▶ Record extracts
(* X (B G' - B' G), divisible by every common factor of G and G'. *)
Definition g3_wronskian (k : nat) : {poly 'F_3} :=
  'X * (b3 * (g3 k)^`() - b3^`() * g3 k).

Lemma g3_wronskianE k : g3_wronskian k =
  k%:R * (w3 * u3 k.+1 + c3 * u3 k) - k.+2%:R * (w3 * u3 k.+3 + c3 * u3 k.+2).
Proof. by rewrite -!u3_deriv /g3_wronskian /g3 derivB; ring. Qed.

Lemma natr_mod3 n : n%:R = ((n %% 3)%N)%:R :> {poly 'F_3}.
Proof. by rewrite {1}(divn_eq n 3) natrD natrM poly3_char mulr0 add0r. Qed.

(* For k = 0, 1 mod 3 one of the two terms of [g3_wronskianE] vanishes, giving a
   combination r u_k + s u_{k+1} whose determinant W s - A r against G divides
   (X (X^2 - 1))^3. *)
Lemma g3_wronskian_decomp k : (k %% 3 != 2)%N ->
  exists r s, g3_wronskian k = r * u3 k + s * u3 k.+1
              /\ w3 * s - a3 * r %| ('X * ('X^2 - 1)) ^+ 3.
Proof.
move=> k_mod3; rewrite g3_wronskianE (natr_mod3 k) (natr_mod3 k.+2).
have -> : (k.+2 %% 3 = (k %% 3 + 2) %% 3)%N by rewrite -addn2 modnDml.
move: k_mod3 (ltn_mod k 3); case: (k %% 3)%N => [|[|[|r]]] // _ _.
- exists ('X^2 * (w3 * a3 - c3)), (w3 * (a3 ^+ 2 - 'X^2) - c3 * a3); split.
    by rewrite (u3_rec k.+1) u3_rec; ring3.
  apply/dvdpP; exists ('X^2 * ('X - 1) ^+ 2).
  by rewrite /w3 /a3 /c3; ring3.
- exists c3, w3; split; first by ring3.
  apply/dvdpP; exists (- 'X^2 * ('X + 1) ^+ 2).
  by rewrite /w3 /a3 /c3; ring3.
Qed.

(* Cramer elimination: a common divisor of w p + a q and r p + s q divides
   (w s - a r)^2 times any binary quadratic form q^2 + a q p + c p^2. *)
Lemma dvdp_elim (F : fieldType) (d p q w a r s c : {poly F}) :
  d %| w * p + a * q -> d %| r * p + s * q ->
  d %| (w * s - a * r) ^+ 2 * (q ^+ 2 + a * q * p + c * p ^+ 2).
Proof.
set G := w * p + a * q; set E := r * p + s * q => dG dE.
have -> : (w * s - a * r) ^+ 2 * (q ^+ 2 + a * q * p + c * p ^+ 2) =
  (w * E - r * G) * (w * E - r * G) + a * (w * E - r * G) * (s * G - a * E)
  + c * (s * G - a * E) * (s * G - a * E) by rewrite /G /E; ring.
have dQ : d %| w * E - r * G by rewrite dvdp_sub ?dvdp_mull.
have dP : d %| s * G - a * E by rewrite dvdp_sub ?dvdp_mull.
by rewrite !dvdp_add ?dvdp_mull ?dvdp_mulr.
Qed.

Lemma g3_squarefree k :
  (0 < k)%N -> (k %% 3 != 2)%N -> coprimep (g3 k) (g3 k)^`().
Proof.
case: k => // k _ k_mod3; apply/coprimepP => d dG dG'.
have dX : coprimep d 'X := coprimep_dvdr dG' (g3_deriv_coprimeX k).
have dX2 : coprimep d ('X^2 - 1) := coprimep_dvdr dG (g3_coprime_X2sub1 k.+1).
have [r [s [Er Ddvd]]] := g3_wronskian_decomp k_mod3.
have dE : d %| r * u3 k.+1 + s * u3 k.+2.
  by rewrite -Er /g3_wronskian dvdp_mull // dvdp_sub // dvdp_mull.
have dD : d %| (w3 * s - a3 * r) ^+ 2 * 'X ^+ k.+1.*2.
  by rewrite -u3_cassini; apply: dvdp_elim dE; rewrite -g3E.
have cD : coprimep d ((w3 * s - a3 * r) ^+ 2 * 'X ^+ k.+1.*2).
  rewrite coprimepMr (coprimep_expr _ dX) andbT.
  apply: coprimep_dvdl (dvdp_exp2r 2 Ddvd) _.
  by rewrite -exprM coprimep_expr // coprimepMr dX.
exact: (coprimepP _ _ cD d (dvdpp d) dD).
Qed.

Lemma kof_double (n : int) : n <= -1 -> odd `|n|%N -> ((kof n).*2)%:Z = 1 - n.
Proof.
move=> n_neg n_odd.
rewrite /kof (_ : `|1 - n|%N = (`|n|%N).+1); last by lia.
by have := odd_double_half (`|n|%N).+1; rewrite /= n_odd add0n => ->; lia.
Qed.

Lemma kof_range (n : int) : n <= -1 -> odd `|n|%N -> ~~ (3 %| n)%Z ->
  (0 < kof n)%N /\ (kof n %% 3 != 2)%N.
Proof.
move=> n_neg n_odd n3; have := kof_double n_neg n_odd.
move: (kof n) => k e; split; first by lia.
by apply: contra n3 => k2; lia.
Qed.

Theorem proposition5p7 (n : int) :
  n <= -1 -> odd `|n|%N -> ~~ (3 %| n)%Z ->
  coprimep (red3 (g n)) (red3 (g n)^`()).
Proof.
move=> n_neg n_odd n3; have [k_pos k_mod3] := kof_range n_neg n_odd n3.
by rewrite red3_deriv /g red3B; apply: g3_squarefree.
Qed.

▶ What is being asked
Using the material above, return every line that holds the string "exists".

▶ Answer area
  exists r s, g3_wronskian k = r * u3 k + s * u3 k.+1
- exists ('X^2 * (w3 * a3 - c3)), (w3 * (a3 ^+ 2 - 'X^2) - c3 * a3); split.
  apply/dvdpP; exists ('X^2 * ('X - 1) ^+ 2).
- exists c3, w3; split; first by ring3.
  apply/dvdpP; exists (- 'X^2 * ('X + 1) ^+ 2).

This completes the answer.